Lemma tree_map_le (x y : I -> J -> R) :
  (forall i j, 0 <= x i j) -> (forall i j, x i j <= y i j) -> (forall i j, y i j <= 1) ->
  tree_map y <= tree_map x.
Proof.
move=> x_ge0 le_xy y_le1.
have y_ge0 i j : 0 <= y i j by apply: le_trans (le_xy i j).
have prod_y_le1 i : \prod_j y i j <= 1 by apply: prodr_ile1 => j _; rewrite y_ge0 y_le1.
apply: le_ratio1D.
  by apply: prodr_ge0 => i _; rewrite subr_ge0.
apply: ler_prod => i _; rewrite subr_ge0 prod_y_le1 lerB //.
by apply: ler_prod => j _; rewrite x_ge0 le_xy.
Qed.

Lemma tree_map_sandwich (lo hi : R) (x : I -> J -> R) :
  0 <= lo -> hi <= 1 -> (forall i j, lo <= x i j <= hi) ->
  tree_map (fun _ _ => hi) <= tree_map x <= tree_map (fun _ _ => lo).
Proof.
move=> lo_ge0 hi_le1 Hx.
by apply/andP; split; apply: tree_map_le => i j; case/andP: (Hx i j) => *; lra.
Qed.

Lemma tree_map1 (i0 : I) : tree_map (fun _ _ => 1) = 0.
Proof. by rewrite /tree_map big1_eq subrr (bigD1 i0) //= !mul0r. Qed.

End TreeMap.

Section Occupation.

Variables (R : realFieldType) (k D : nat).
Local Notation word := (seq (step k D)).
Local Notation Zpart := (Zpart R).
Local Notation Zroot := (Zroot R).

Lemma Zroot_ge0 n (g : word -> bool) : 0 <= Zroot n g.
Proof. by apply: sumr_ge0 => I _; apply: ler0n. Qed.

Lemma Zroot_le_Zpart n (g : word -> bool) : Zroot n g <= Zpart n g.
Proof. by apply: ler_sum => I _; rewrite ler_nat; case: admissible; case: inI. Qed.

Lemma Zpart_gt0 n (g : word -> bool) : 0 < Zpart n g.
Proof.
elim: n g => [|n IH] g; first by rewrite Zpart0 ltr01.
rewrite ZpartS ltr_wpDl ?Zroot_ge0 //.
by apply: prodr_gt0 => e _; apply: prodr_gt0 => c _; apply: IH.
Qed.

Definition occ n (g : word -> bool) : R := Zroot n g / Zpart n g.

Lemma occ_itv n (g : word -> bool) : 0 <= occ n g <= 1.
Proof.
rewrite /occ divr_ge0 ?Zroot_ge0 ?(ltW (Zpart_gt0 _ _)) //=.
by rewrite ler_pdivrMr ?Zpart_gt0 // mul1r Zroot_le_Zpart.
Qed.

Lemma occ0 (g : word -> bool) : occ 0 g = (g [::])%:R.
Proof. by rewrite /occ Zpart0 Zroot0 divr1. Qed.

● **EXERCISE**:
All lines in the listing above between the line with "Lemma Zroot_le_Zpart n" and the line with "rewrite /occ divr_ge0", inclusive, should be set down exactly, and no line outside that range.

● **ANSWER TO THE EXERCISE**:
Lemma Zroot_le_Zpart n (g : word -> bool) : Zroot n g <= Zpart n g.
Proof. by apply: ler_sum => I _; rewrite ler_nat; case: admissible; case: inI. Qed.

Lemma Zpart_gt0 n (g : word -> bool) : 0 < Zpart n g.
Proof.
elim: n g => [|n IH] g; first by rewrite Zpart0 ltr01.
rewrite ZpartS ltr_wpDl ?Zroot_ge0 //.
by apply: prodr_gt0 => e _; apply: prodr_gt0 => c _; apply: IH.
Qed.

Definition occ n (g : word -> bool) : R := Zroot n g / Zpart n g.

Lemma occ_itv n (g : word -> bool) : 0 <= occ n g <= 1.
Proof.
rewrite /occ divr_ge0 ?Zroot_ge0 ?(ltW (Zpart_gt0 _ _)) //=.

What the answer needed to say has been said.